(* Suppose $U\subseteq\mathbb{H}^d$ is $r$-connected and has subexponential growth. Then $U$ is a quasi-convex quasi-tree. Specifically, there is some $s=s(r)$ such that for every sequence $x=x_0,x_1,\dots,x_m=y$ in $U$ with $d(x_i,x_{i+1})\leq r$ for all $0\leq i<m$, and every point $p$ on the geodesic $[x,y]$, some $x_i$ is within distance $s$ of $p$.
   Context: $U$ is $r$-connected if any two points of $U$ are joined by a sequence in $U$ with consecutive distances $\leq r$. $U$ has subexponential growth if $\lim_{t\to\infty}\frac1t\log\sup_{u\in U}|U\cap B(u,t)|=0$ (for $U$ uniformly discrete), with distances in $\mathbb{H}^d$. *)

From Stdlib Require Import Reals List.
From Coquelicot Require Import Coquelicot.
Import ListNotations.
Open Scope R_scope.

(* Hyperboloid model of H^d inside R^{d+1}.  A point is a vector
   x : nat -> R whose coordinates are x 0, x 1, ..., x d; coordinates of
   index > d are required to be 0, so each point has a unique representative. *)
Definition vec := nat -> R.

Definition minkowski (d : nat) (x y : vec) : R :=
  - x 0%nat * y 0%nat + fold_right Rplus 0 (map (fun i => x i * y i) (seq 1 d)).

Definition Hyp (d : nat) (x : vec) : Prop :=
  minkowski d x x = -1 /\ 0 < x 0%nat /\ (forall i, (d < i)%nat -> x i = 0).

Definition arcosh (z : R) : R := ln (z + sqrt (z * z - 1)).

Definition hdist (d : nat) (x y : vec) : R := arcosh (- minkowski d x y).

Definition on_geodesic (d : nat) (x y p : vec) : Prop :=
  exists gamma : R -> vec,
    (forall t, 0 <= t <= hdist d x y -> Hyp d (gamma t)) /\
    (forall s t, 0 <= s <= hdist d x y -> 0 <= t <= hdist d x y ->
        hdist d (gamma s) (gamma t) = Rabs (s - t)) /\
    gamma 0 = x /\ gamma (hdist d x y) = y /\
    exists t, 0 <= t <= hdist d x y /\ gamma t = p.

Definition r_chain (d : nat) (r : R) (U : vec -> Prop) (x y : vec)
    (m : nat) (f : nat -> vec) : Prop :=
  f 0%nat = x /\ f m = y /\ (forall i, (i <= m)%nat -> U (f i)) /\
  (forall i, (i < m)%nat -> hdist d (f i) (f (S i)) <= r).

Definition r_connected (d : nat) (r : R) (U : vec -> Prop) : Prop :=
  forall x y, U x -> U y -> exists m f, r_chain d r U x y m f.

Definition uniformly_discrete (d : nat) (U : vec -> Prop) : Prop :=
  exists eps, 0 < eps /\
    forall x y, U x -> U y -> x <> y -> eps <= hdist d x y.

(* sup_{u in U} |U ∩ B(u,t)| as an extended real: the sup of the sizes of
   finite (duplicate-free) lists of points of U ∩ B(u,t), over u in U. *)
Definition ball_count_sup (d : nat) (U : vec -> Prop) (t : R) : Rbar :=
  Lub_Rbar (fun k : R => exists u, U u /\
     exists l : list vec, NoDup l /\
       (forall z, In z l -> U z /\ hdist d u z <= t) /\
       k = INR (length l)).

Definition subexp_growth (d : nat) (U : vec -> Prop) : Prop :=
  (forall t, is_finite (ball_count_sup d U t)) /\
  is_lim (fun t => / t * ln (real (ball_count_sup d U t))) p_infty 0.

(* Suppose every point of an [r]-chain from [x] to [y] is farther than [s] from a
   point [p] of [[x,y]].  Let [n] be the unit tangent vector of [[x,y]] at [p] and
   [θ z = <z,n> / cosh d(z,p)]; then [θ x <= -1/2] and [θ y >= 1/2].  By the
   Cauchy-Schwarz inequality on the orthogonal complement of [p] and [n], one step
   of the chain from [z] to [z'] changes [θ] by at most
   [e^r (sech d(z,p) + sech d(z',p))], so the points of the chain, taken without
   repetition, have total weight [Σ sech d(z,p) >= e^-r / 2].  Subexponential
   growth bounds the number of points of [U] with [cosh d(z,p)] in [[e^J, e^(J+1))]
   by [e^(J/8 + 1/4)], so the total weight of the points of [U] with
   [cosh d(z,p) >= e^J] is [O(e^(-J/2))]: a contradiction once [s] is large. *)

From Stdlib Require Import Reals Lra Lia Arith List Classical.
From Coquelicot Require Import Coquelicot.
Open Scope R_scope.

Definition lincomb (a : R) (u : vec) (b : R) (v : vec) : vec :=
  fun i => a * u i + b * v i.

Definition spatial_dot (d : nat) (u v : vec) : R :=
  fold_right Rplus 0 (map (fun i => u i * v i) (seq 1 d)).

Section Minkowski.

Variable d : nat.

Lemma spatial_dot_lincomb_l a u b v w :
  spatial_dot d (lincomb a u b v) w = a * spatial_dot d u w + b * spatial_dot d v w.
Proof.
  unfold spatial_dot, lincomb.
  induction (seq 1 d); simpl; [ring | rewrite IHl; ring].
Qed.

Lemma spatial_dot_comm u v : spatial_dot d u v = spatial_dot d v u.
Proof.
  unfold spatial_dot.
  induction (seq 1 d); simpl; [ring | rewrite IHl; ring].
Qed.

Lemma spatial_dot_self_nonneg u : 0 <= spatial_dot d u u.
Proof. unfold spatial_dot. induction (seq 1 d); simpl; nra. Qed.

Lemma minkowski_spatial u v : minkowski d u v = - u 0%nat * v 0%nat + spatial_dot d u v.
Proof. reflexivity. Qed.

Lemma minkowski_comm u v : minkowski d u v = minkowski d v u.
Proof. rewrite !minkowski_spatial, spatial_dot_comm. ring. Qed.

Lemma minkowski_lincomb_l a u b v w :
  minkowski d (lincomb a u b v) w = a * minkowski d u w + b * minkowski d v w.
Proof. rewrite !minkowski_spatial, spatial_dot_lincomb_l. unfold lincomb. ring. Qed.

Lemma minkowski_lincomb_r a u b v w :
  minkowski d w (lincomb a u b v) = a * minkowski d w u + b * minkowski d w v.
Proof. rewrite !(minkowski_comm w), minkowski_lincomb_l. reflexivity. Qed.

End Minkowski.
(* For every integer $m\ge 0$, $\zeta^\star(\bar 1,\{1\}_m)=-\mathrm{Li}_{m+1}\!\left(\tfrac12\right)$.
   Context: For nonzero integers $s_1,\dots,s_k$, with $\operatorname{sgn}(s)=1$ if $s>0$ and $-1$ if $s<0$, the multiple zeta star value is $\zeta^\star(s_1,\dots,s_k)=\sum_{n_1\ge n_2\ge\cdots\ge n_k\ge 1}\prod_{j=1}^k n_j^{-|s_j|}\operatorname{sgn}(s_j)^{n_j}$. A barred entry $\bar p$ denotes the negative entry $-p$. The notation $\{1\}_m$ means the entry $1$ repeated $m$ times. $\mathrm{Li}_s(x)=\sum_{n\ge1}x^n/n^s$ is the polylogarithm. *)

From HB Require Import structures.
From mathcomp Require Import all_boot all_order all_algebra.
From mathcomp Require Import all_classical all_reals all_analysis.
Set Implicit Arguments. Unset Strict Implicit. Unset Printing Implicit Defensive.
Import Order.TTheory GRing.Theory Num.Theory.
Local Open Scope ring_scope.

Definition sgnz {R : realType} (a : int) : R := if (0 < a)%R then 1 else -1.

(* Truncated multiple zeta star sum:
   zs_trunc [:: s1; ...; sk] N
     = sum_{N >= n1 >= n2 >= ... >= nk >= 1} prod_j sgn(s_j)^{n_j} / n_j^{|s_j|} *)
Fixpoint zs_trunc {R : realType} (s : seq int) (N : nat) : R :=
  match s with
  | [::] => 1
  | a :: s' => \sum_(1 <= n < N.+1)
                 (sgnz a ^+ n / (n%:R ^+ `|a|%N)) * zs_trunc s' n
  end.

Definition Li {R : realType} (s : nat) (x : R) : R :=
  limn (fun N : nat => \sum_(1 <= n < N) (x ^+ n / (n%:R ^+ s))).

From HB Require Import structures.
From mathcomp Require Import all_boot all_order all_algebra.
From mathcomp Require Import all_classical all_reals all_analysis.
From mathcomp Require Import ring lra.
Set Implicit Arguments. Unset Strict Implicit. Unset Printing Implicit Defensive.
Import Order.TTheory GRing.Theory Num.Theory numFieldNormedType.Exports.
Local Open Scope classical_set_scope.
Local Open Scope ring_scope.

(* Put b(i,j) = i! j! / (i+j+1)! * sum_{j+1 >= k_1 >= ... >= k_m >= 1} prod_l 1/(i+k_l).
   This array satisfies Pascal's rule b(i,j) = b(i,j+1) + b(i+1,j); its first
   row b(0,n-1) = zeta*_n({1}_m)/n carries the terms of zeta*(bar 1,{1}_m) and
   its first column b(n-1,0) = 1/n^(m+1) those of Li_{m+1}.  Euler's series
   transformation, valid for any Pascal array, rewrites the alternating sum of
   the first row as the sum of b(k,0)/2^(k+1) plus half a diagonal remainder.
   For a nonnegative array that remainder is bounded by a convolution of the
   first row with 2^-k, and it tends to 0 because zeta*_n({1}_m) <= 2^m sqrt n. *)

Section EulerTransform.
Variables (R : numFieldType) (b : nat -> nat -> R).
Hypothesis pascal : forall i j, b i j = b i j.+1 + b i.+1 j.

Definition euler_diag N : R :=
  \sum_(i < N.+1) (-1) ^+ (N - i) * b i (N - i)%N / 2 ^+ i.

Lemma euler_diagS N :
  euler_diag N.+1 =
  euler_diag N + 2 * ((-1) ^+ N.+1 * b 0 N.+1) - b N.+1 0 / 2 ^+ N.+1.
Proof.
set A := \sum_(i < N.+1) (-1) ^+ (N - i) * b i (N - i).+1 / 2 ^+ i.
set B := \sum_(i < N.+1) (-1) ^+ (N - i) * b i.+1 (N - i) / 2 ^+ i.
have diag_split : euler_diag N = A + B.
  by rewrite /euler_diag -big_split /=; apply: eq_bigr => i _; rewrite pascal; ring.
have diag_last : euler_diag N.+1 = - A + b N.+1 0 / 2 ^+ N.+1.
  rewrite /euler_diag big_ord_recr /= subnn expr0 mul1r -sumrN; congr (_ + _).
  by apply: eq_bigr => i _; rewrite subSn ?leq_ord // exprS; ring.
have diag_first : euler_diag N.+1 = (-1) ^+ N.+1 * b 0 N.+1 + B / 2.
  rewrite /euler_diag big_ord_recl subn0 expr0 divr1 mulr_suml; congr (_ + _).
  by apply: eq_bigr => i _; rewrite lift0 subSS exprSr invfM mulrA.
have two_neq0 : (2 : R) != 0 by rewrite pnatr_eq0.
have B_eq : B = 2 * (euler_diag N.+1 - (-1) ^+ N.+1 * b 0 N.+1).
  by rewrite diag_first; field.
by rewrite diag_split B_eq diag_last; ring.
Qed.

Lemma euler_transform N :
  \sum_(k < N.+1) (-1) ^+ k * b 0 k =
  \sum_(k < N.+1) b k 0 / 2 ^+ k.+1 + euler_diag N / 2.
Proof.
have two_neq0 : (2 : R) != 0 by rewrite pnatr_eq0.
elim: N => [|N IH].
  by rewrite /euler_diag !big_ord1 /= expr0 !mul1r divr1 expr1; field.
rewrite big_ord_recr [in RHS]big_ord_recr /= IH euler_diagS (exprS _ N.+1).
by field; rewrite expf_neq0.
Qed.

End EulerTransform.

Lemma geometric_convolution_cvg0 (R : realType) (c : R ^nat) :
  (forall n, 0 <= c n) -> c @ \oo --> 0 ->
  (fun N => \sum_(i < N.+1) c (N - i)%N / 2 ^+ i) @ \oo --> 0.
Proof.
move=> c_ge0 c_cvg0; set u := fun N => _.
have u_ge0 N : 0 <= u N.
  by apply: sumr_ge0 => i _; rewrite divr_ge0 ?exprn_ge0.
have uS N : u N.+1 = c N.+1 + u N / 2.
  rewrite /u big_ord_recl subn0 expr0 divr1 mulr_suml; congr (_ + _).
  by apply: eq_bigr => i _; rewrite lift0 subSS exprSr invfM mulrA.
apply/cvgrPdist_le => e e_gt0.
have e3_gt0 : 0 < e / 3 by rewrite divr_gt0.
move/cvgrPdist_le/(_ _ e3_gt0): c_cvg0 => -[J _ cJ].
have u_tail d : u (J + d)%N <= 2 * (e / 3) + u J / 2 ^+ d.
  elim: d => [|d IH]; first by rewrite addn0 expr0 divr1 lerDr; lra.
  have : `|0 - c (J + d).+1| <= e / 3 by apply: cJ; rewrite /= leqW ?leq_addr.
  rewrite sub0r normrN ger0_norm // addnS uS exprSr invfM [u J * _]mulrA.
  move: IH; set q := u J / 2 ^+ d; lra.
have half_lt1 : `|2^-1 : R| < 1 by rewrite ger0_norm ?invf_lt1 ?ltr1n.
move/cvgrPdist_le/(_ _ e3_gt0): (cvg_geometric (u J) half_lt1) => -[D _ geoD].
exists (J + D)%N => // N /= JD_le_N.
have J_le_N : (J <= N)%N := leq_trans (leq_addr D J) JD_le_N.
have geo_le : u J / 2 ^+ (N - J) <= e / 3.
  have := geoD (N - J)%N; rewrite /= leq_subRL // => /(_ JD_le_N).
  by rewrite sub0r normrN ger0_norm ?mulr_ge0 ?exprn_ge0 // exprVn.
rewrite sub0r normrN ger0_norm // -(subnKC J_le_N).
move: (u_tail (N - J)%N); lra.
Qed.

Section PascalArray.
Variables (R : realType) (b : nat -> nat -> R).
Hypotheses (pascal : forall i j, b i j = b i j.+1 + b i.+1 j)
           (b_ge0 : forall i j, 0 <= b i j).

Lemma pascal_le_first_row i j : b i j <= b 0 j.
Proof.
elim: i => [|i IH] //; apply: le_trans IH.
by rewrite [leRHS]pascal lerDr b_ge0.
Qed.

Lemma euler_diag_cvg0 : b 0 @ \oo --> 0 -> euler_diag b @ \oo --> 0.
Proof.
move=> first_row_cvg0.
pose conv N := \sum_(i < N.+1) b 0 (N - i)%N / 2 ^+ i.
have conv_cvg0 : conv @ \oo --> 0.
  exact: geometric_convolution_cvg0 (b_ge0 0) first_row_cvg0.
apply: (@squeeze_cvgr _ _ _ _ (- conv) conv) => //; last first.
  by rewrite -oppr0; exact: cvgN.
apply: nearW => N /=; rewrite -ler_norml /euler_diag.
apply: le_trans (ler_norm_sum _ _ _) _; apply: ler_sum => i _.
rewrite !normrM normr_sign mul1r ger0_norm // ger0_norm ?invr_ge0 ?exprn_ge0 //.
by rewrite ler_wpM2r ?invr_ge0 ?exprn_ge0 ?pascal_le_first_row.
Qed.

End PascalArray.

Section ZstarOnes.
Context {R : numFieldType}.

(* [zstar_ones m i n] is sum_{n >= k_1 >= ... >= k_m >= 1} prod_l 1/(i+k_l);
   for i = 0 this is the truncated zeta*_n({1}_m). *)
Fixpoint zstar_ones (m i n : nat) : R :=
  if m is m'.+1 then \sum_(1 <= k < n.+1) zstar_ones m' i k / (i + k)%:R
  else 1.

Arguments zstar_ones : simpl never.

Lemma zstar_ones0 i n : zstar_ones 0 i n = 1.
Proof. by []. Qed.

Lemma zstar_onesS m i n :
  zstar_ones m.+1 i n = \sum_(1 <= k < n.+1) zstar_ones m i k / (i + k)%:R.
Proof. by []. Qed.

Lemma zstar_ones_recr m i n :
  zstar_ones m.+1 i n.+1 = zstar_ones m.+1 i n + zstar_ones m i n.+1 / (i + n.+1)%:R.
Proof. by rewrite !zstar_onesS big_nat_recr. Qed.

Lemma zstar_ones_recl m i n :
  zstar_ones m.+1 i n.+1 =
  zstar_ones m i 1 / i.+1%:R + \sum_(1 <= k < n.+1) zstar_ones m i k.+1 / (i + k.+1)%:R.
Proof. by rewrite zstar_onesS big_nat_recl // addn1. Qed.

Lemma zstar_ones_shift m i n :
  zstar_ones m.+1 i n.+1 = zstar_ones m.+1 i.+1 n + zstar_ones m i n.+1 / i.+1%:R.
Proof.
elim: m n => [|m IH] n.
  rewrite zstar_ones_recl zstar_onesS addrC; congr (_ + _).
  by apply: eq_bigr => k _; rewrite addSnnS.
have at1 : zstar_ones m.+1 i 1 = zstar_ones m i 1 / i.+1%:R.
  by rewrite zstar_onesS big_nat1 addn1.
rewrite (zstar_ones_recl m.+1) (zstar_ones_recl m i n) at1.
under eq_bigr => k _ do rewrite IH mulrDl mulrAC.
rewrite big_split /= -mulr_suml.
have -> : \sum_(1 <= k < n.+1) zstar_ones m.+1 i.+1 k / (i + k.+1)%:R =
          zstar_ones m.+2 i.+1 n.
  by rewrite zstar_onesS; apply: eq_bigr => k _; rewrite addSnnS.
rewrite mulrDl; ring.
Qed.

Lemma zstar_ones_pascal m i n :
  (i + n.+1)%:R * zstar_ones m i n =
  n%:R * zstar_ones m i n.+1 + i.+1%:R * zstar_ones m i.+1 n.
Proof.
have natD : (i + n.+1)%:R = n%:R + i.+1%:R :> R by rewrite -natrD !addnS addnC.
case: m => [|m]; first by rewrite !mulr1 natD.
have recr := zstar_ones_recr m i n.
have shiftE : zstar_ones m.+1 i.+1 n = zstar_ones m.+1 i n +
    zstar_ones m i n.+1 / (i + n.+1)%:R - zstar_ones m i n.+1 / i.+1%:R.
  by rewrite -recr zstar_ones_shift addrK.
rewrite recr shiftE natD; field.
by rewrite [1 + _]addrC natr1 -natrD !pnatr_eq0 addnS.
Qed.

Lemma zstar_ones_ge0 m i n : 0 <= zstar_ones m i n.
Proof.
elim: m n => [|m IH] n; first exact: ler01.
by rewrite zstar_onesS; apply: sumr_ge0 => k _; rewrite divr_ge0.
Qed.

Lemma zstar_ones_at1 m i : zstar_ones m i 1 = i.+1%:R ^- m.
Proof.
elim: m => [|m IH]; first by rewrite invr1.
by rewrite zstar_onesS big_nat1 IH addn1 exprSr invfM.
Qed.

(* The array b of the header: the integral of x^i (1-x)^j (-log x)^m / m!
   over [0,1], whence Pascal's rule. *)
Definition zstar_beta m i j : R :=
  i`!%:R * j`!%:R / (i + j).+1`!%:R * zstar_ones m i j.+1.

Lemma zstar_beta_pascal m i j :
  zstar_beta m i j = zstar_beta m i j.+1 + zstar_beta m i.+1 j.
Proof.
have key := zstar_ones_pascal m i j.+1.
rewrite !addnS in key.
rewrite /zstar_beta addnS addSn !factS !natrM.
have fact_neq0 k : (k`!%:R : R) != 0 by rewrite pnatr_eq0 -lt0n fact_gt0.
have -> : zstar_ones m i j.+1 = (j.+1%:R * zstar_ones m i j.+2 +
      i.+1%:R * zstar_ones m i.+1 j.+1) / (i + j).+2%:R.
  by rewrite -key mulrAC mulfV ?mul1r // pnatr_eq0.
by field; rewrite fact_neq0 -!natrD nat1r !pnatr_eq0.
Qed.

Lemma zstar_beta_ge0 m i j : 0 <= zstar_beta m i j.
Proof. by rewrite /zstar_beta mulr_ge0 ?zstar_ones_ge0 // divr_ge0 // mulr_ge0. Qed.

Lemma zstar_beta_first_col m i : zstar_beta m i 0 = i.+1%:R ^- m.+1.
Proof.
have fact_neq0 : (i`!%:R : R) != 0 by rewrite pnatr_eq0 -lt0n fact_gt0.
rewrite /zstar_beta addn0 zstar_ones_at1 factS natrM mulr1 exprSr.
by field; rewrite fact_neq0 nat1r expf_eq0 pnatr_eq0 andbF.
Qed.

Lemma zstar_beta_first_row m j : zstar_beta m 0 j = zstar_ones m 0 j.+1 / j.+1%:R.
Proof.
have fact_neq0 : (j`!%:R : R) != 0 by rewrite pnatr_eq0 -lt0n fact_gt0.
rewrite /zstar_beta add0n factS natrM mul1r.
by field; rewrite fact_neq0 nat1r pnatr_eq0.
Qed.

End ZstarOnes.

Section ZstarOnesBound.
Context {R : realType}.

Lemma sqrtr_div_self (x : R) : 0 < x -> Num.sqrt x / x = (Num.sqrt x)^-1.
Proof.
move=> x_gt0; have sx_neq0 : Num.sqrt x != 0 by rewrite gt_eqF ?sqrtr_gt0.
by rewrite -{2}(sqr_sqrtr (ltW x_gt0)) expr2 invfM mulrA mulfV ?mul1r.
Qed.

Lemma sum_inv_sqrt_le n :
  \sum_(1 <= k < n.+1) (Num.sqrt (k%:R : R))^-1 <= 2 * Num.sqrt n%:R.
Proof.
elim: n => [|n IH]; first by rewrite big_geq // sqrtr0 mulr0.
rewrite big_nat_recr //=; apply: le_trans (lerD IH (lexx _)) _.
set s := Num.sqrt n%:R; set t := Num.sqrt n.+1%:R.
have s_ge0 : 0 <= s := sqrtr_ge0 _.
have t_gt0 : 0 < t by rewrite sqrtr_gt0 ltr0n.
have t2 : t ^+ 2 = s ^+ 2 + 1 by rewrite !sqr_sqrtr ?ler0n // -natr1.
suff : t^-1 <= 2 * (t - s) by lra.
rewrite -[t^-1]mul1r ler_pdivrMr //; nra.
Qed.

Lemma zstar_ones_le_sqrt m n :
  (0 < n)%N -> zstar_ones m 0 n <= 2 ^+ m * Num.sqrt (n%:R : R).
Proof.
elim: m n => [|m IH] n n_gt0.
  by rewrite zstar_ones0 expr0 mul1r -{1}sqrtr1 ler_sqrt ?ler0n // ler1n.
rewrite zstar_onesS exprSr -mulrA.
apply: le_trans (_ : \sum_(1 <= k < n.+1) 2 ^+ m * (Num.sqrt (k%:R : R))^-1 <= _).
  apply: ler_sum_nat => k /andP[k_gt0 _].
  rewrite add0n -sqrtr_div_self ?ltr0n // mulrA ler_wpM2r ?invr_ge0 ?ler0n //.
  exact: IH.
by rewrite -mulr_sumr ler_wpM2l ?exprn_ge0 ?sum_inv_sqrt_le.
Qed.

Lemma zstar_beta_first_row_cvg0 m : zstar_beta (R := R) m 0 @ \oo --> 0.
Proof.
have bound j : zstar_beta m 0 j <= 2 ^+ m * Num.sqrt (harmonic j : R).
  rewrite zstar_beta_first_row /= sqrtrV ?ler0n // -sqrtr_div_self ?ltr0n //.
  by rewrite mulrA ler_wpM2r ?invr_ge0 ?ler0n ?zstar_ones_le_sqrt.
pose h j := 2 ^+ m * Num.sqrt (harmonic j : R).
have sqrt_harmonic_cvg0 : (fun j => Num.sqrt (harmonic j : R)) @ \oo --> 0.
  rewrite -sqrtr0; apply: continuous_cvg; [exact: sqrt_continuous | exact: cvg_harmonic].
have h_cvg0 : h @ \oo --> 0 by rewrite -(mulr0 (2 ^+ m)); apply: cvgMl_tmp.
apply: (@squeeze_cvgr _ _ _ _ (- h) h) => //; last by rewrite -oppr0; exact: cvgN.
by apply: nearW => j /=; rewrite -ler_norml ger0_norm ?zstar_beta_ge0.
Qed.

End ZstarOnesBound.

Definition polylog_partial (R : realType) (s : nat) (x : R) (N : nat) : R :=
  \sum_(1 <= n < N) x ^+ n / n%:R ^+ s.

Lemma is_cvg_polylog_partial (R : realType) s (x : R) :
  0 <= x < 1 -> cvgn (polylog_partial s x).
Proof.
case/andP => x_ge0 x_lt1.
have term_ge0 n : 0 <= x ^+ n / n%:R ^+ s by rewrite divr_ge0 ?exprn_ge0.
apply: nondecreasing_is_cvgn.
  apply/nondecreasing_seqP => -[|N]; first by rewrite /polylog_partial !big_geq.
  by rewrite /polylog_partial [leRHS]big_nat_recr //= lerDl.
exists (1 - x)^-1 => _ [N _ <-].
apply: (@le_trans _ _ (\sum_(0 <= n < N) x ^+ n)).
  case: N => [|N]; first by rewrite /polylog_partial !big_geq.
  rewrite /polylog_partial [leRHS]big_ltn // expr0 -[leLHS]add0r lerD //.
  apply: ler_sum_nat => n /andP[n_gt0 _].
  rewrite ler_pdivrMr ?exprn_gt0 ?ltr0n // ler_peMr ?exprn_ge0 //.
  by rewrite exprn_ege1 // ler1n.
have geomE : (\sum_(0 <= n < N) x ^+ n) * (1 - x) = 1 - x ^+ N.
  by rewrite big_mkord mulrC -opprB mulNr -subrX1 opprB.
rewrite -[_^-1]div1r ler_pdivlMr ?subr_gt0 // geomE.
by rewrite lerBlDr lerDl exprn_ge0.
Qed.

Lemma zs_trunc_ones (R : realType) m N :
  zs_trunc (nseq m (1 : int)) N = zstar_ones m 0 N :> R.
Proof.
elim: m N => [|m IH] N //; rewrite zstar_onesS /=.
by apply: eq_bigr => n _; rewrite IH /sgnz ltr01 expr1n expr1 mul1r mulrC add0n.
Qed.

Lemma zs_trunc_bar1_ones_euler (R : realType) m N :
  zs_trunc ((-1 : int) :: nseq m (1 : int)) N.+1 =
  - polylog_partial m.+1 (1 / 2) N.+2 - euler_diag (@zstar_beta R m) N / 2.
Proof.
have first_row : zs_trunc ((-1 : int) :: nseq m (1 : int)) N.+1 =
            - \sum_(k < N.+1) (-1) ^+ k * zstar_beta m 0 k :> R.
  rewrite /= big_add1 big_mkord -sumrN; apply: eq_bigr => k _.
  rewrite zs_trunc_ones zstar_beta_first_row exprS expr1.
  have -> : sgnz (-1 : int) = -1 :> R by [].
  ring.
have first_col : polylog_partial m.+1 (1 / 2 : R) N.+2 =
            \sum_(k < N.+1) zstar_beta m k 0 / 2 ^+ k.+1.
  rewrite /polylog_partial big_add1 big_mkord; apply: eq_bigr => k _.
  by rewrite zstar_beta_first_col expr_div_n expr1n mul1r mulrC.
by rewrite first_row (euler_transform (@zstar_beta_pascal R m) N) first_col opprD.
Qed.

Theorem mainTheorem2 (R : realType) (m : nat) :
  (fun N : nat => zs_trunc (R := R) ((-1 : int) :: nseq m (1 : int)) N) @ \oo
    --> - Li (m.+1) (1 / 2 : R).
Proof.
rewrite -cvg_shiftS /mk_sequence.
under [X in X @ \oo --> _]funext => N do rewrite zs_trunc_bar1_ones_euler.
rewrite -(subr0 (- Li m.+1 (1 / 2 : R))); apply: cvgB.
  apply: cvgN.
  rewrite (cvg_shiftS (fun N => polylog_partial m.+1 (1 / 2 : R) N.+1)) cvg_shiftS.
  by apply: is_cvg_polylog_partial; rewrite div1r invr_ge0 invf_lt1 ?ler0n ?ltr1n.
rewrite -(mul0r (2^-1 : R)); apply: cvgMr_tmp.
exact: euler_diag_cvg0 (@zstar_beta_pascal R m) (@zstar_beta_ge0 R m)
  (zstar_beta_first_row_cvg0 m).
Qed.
☆ ☆ ☆ ☆ ☆ ☆ ☆
Problem description. Write out the records above exactly, from the opening line to the line with "(forall t, 0", including both, with nothing added.

Answer below.
(* Suppose $U\subseteq\mathbb{H}^d$ is $r$-connected and has subexponential growth. Then $U$ is a quasi-convex quasi-tree. Specifically, there is some $s=s(r)$ such that for every sequence $x=x_0,x_1,\dots,x_m=y$ in $U$ with $d(x_i,x_{i+1})\leq r$ for all $0\leq i<m$, and every point $p$ on the geodesic $[x,y]$, some $x_i$ is within distance $s$ of $p$.
   Context: $U$ is $r$-connected if any two points of $U$ are joined by a sequence in $U$ with consecutive distances $\leq r$. $U$ has subexponential growth if $\lim_{t\to\infty}\frac1t\log\sup_{u\in U}|U\cap B(u,t)|=0$ (for $U$ uniformly discrete), with distances in $\mathbb{H}^d$. *)

From Stdlib Require Import Reals List.
From Coquelicot Require Import Coquelicot.
Import ListNotations.
Open Scope R_scope.

(* Hyperboloid model of H^d inside R^{d+1}.  A point is a vector
   x : nat -> R whose coordinates are x 0, x 1, ..., x d; coordinates of
   index > d are required to be 0, so each point has a unique representative. *)
Definition vec := nat -> R.

Definition minkowski (d : nat) (x y : vec) : R :=
  - x 0%nat * y 0%nat + fold_right Rplus 0 (map (fun i => x i * y i) (seq 1 d)).

Definition Hyp (d : nat) (x : vec) : Prop :=
  minkowski d x x = -1 /\ 0 < x 0%nat /\ (forall i, (d < i)%nat -> x i = 0).

Definition arcosh (z : R) : R := ln (z + sqrt (z * z - 1)).

Definition hdist (d : nat) (x y : vec) : R := arcosh (- minkowski d x y).

Definition on_geodesic (d : nat) (x y p : vec) : Prop :=
  exists gamma : R -> vec,
    (forall t, 0 <= t <= hdist d x y -> Hyp d (gamma t)) /\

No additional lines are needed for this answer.